:: Extracted data ::

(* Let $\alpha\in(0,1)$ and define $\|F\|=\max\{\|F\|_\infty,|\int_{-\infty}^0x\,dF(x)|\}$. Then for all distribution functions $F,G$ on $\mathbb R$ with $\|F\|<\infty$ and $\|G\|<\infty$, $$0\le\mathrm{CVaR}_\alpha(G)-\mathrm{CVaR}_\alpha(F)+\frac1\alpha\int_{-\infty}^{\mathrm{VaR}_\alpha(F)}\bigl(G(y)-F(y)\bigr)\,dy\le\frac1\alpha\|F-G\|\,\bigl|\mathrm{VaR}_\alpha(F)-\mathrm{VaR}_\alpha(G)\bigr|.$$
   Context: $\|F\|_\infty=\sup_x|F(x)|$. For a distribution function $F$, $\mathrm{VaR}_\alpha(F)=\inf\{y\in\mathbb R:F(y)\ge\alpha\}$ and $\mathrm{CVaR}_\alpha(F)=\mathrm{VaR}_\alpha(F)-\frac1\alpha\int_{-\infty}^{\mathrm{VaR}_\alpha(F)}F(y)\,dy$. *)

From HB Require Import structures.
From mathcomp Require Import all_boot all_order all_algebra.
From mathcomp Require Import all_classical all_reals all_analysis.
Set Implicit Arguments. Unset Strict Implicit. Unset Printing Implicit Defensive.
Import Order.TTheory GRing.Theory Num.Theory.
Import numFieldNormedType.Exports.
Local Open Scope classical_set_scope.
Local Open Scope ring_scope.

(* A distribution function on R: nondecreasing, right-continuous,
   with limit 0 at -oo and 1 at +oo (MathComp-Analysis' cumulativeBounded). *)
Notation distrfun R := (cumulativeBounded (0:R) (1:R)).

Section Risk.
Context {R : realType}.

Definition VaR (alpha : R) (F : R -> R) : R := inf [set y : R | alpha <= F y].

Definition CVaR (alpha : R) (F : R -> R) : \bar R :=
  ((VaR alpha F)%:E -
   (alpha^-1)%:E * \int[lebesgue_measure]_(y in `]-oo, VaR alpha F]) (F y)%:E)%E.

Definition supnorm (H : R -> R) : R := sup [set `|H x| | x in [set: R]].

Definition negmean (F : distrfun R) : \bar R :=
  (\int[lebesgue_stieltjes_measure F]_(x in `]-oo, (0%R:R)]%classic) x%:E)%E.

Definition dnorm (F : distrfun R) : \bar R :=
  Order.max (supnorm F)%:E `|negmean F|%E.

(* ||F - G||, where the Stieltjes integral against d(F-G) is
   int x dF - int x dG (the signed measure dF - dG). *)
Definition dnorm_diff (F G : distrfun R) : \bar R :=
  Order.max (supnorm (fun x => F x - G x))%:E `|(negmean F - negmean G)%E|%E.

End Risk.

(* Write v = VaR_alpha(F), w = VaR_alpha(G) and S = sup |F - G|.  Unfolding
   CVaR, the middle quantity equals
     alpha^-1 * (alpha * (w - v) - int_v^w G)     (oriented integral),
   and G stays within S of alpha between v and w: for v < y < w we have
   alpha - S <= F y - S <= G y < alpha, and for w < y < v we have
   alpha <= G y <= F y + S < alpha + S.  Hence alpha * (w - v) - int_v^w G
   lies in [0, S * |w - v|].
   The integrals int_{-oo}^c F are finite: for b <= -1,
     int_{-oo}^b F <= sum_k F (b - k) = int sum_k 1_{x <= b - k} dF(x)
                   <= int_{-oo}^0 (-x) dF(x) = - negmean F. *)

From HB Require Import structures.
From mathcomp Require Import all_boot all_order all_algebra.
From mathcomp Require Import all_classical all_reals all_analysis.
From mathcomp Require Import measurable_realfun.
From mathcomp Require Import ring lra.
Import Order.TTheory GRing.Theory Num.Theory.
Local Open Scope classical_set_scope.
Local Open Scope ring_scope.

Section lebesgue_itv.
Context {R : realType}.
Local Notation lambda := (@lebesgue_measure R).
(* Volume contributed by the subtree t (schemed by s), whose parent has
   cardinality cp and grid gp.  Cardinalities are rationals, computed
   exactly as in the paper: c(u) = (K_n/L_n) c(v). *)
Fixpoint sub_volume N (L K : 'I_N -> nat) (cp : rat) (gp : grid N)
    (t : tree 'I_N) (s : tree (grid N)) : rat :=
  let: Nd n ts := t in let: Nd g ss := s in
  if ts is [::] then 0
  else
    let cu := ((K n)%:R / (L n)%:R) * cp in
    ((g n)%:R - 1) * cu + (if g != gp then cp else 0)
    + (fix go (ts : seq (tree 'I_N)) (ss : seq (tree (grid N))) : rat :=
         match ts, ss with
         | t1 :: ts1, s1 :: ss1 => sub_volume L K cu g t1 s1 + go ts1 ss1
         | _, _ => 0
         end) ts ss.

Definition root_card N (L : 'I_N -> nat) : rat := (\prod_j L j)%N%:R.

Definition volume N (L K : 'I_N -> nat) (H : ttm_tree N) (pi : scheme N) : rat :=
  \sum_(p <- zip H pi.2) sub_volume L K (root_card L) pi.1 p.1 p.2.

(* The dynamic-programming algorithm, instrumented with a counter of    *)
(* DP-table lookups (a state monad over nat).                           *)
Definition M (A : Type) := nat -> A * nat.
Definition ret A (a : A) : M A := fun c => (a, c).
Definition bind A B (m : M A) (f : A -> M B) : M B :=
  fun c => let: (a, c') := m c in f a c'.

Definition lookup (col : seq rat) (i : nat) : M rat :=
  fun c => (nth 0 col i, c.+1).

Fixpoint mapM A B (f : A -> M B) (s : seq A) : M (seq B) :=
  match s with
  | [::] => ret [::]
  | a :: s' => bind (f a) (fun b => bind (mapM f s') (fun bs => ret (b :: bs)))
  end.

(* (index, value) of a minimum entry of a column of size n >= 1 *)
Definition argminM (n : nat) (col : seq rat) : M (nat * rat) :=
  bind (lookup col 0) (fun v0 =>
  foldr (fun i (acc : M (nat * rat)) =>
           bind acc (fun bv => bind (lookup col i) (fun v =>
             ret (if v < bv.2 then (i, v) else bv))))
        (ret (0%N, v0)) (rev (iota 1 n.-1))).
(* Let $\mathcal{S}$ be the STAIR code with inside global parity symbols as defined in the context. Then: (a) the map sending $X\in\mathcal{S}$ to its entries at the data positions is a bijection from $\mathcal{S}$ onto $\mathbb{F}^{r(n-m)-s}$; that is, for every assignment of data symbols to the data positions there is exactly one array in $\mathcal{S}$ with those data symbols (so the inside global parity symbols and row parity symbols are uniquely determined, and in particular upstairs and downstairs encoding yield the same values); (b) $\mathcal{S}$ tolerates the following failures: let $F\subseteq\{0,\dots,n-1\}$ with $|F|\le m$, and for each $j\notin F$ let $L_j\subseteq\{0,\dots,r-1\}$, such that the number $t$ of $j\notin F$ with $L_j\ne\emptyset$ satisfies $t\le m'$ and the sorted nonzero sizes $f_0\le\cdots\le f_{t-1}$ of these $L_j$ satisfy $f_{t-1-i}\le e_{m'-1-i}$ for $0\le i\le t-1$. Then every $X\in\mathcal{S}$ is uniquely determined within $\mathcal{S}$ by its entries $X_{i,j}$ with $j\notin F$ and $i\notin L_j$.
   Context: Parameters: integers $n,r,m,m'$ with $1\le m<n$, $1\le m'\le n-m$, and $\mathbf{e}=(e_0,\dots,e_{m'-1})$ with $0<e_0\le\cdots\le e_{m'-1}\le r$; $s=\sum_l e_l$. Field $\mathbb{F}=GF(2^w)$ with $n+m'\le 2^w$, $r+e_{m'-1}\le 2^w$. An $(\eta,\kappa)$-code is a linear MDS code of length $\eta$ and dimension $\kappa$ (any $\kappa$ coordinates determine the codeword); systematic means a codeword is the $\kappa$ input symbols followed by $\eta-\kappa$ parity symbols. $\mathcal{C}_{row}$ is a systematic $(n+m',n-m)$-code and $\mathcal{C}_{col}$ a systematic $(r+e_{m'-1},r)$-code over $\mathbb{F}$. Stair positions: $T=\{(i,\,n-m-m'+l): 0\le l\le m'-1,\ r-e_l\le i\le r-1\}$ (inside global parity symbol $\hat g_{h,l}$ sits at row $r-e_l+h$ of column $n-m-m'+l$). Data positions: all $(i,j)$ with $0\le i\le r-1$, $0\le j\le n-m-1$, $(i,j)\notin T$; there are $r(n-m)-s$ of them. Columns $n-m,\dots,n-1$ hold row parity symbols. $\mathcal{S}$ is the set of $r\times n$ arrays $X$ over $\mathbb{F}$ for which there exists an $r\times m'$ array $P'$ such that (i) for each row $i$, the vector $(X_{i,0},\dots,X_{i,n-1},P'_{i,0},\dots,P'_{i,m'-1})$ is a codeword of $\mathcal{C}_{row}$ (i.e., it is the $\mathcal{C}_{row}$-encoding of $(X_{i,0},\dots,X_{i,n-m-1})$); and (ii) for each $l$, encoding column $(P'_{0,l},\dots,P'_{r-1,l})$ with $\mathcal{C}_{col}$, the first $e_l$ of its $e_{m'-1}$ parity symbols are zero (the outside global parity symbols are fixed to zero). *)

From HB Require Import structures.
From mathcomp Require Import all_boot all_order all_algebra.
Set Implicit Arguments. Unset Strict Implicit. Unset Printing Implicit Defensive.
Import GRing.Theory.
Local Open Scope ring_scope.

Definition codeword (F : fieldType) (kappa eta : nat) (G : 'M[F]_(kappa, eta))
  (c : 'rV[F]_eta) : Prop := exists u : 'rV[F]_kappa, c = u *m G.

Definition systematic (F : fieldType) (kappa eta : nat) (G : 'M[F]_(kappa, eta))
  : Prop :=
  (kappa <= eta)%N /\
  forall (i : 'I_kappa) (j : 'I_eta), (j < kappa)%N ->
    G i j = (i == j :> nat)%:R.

:::
:: Extracted data ::

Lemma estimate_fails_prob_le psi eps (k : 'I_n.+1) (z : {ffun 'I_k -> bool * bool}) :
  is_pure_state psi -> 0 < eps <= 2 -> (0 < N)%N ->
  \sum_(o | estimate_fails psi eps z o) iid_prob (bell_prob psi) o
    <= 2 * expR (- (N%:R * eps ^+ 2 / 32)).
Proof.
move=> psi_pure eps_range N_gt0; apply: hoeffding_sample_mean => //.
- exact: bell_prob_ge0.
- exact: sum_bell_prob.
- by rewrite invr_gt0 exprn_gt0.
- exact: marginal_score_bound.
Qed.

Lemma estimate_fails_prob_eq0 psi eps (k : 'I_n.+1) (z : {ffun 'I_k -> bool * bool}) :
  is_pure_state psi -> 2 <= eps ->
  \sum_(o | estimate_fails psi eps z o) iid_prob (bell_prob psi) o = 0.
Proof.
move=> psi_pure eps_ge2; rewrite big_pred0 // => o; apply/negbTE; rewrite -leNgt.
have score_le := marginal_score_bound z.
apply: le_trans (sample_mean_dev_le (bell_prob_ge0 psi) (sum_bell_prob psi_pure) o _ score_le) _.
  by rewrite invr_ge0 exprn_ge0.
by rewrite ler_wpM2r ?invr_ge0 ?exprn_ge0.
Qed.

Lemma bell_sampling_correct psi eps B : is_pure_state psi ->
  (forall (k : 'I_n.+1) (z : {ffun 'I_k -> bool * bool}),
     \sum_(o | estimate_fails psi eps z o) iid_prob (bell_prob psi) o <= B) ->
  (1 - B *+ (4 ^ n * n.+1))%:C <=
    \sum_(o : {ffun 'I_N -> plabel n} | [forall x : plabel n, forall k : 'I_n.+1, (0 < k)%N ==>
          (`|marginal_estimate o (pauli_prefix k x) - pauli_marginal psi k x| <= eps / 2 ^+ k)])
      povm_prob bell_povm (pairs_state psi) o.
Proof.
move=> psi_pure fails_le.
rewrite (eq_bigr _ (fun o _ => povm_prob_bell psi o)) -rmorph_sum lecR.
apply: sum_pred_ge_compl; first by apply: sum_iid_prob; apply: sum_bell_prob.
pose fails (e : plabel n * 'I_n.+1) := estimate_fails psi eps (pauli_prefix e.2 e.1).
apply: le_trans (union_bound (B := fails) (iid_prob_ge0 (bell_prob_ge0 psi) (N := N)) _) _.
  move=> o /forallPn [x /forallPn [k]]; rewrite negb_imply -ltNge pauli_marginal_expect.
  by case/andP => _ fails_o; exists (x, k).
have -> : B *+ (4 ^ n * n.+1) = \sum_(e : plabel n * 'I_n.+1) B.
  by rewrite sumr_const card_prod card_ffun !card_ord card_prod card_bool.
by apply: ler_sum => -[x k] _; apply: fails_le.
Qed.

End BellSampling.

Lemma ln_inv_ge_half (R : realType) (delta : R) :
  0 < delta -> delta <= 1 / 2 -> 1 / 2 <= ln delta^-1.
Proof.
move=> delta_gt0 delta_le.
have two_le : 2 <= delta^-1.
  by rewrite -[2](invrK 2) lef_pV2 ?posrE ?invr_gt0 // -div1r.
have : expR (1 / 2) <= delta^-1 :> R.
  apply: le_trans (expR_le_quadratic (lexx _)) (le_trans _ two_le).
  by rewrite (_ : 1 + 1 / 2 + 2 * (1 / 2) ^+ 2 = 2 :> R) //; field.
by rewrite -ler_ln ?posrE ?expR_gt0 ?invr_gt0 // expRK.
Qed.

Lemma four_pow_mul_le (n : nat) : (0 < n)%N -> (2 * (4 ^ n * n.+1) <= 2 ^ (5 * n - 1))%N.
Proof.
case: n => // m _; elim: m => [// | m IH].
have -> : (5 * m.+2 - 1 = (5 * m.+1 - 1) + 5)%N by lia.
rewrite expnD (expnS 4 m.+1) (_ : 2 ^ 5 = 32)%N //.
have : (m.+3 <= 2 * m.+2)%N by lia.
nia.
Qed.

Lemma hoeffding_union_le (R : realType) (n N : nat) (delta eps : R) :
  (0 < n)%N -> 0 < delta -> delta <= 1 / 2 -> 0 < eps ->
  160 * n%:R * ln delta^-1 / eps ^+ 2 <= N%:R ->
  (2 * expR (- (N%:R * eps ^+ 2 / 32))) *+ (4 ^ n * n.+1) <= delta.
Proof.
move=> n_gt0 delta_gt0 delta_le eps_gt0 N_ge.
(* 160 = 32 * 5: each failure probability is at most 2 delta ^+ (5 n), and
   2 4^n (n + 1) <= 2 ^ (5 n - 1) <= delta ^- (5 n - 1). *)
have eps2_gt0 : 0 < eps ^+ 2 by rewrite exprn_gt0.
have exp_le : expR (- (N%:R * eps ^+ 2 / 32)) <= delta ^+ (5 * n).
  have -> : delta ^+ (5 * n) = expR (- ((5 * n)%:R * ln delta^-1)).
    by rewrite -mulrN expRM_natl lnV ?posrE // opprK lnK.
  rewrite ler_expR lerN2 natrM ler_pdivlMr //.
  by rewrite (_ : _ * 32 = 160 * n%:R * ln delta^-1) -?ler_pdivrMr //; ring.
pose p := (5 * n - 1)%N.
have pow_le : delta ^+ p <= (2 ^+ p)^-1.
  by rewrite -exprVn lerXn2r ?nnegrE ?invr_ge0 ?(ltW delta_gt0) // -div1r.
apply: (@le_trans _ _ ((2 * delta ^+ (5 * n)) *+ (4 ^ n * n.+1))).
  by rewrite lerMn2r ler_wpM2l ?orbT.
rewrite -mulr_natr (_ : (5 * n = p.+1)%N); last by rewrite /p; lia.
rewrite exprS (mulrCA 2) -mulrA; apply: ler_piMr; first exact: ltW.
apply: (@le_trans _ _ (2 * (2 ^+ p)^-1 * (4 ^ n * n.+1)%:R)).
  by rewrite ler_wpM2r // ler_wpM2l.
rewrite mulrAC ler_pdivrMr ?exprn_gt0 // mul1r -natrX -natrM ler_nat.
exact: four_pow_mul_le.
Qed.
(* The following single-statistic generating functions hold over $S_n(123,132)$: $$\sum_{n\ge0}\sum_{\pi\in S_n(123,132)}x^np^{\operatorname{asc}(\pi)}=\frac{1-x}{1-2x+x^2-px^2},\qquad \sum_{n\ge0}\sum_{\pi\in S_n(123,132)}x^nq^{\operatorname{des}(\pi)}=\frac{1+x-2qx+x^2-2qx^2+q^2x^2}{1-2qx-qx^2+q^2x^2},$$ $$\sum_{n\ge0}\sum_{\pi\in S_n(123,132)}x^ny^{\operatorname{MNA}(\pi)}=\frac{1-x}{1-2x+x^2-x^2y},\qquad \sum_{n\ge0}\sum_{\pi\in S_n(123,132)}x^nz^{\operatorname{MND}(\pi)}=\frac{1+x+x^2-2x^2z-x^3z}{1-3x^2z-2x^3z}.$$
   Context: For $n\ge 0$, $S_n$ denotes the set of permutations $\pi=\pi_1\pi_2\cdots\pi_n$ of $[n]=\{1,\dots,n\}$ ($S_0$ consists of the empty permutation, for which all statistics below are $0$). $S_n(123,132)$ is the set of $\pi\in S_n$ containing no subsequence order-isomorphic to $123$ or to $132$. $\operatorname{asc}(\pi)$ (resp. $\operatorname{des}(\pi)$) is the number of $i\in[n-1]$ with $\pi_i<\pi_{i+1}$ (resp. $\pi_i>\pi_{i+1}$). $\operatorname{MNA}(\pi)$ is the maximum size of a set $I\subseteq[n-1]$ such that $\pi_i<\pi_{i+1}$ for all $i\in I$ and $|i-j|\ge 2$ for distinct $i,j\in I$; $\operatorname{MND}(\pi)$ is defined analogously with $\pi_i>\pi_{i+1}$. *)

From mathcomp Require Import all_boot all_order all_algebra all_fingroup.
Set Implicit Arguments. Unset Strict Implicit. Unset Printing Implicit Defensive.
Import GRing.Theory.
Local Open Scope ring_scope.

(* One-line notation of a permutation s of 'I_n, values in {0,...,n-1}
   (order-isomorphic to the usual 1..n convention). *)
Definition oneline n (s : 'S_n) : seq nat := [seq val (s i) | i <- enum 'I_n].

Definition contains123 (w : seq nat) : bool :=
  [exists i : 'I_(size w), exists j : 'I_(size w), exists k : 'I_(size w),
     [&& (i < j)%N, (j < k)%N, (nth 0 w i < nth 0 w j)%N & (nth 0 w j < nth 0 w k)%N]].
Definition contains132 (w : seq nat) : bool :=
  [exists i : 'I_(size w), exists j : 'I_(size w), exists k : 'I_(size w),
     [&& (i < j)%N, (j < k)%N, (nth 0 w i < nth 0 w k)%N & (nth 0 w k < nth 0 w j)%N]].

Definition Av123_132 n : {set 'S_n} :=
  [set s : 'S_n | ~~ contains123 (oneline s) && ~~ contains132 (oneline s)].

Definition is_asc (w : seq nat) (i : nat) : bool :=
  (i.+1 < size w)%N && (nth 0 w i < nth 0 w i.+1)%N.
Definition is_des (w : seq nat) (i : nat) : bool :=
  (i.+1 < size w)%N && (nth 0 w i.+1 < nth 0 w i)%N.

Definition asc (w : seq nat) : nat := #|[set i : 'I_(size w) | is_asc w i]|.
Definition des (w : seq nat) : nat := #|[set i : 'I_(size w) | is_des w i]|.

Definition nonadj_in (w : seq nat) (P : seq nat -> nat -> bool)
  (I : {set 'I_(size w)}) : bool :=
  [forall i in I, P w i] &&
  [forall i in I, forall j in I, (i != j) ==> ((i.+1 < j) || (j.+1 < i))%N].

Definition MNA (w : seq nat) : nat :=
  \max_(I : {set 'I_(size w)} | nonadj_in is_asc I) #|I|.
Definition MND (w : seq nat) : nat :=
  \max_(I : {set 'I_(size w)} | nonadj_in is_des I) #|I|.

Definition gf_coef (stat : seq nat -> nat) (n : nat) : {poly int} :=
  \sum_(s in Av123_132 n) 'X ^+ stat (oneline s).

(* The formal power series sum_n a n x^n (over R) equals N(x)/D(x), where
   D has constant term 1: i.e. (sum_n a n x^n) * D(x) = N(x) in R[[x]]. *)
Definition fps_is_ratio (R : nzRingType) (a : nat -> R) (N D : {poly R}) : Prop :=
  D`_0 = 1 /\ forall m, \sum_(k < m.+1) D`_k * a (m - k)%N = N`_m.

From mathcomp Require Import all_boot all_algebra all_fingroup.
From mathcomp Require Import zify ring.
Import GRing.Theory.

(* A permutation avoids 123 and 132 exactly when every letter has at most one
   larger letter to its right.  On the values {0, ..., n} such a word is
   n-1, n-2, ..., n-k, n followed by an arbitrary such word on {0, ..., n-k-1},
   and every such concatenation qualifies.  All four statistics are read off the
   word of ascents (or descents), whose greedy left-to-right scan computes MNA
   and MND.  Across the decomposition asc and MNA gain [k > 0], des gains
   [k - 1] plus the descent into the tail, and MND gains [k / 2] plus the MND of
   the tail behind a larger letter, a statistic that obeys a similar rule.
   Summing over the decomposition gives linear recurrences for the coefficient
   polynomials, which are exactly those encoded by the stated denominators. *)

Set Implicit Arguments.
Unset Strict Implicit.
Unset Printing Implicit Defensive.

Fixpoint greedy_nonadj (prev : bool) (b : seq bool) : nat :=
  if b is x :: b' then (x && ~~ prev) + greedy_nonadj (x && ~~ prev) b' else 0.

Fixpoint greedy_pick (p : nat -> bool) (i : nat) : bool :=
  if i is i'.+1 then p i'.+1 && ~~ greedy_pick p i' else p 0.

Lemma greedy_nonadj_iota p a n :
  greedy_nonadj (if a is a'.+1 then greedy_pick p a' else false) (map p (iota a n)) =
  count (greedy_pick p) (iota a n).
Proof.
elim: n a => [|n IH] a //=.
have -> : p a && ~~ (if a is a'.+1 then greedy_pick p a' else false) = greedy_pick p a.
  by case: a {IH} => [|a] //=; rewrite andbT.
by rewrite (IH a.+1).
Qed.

:::
:: Extracted data ::

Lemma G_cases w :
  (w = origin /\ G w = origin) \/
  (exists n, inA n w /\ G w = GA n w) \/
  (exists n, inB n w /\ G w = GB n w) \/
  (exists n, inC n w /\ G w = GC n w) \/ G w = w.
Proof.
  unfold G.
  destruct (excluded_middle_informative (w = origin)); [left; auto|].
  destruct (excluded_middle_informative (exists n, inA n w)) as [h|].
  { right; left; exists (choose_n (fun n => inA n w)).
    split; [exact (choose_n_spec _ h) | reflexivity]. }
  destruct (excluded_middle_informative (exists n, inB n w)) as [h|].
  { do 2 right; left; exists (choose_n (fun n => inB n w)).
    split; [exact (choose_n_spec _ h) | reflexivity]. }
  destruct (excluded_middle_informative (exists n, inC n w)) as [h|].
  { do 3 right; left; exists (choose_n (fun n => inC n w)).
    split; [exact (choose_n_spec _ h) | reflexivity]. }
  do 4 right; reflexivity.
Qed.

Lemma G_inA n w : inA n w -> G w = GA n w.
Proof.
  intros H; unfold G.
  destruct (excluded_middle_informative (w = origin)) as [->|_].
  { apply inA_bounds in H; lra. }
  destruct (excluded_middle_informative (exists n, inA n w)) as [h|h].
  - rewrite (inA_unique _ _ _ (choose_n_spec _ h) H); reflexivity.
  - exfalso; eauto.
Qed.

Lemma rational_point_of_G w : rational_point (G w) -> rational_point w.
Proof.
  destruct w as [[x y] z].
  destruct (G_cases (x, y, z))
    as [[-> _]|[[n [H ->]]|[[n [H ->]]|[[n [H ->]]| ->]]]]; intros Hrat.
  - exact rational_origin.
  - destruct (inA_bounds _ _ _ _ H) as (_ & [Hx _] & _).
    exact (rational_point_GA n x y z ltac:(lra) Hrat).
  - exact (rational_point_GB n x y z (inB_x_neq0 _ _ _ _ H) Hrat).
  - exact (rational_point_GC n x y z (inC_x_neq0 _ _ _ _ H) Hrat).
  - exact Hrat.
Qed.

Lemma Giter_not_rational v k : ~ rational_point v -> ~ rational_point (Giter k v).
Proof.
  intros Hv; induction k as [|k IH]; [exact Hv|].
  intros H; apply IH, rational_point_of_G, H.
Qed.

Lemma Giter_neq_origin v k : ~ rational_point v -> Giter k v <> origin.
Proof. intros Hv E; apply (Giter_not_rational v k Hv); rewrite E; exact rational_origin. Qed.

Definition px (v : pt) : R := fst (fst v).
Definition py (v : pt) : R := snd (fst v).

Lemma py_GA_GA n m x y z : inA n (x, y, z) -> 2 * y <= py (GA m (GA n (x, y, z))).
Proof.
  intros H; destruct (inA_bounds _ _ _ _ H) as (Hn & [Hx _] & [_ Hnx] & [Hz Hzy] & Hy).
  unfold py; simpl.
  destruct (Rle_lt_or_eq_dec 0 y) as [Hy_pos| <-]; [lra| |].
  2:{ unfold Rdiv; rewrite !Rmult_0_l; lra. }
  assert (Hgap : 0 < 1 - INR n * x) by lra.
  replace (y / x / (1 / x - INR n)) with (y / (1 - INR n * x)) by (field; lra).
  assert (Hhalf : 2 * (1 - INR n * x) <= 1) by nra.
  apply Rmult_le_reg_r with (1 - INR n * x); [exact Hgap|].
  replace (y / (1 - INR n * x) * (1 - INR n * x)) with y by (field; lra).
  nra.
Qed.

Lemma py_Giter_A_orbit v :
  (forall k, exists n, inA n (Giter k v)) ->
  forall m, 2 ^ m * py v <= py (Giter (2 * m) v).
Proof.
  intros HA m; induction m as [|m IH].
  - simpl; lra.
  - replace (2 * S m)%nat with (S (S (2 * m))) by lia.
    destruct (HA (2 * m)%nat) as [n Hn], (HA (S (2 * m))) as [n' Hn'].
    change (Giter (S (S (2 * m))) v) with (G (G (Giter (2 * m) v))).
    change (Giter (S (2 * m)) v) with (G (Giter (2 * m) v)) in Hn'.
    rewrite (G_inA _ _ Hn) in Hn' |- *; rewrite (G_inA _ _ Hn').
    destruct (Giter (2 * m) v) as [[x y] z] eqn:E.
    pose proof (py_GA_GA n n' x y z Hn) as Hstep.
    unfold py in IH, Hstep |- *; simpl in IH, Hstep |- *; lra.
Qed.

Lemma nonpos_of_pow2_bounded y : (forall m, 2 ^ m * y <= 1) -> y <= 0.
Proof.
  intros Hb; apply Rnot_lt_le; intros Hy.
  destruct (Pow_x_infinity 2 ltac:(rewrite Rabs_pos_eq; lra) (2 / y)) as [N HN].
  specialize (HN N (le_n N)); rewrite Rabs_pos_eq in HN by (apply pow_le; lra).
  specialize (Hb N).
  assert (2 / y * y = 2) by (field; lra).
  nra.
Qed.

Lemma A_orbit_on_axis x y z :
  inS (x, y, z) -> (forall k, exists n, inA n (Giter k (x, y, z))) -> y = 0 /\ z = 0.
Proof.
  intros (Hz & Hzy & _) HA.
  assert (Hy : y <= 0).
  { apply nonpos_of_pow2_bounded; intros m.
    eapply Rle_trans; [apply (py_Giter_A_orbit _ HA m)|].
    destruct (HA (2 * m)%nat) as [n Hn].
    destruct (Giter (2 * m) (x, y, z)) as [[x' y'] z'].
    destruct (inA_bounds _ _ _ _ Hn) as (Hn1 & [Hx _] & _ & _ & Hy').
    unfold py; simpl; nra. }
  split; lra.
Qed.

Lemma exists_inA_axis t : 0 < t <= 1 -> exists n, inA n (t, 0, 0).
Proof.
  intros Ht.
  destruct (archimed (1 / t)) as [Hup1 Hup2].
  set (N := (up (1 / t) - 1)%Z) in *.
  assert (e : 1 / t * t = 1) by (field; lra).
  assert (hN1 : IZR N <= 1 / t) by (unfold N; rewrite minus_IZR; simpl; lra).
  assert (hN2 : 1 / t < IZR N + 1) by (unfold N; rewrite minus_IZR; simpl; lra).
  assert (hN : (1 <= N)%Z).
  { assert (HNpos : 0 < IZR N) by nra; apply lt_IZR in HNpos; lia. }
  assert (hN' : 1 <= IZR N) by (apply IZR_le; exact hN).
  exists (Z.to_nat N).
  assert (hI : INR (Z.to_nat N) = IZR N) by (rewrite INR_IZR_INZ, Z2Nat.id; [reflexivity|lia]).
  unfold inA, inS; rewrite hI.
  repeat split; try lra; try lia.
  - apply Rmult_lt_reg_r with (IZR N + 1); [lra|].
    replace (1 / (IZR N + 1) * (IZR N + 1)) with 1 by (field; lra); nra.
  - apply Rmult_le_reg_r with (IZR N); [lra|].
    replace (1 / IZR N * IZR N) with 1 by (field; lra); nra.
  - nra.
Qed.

:::

### What to produce:
Take the entries above and return only the lines from the one with "Lemma A_orbit_on_axis x" to the one with "assert (hN' : 1", both included, unchanged.

### Answer section:
Lemma A_orbit_on_axis x y z :
  inS (x, y, z) -> (forall k, exists n, inA n (Giter k (x, y, z))) -> y = 0 /\ z = 0.
Proof.
  intros (Hz & Hzy & _) HA.
  assert (Hy : y <= 0).
  { apply nonpos_of_pow2_bounded; intros m.
    eapply Rle_trans; [apply (py_Giter_A_orbit _ HA m)|].
    destruct (HA (2 * m)%nat) as [n Hn].
    destruct (Giter (2 * m) (x, y, z)) as [[x' y'] z'].
    destruct (inA_bounds _ _ _ _ Hn) as (Hn1 & [Hx _] & _ & _ & Hy').
    unfold py; simpl; nra. }
  split; lra.
Qed.

Lemma exists_inA_axis t : 0 < t <= 1 -> exists n, inA n (t, 0, 0).
Proof.
  intros Ht.
  destruct (archimed (1 / t)) as [Hup1 Hup2].
  set (N := (up (1 / t) - 1)%Z) in *.
  assert (e : 1 / t * t = 1) by (field; lra).
  assert (hN1 : IZR N <= 1 / t) by (unfold N; rewrite minus_IZR; simpl; lra).
  assert (hN2 : 1 / t < IZR N + 1) by (unfold N; rewrite minus_IZR; simpl; lra).
  assert (hN : (1 <= N)%Z).
  { assert (HNpos : 0 < IZR N) by nra; apply lt_IZR in HNpos; lia. }
  assert (hN' : 1 <= IZR N) by (apply IZR_le; exact hN).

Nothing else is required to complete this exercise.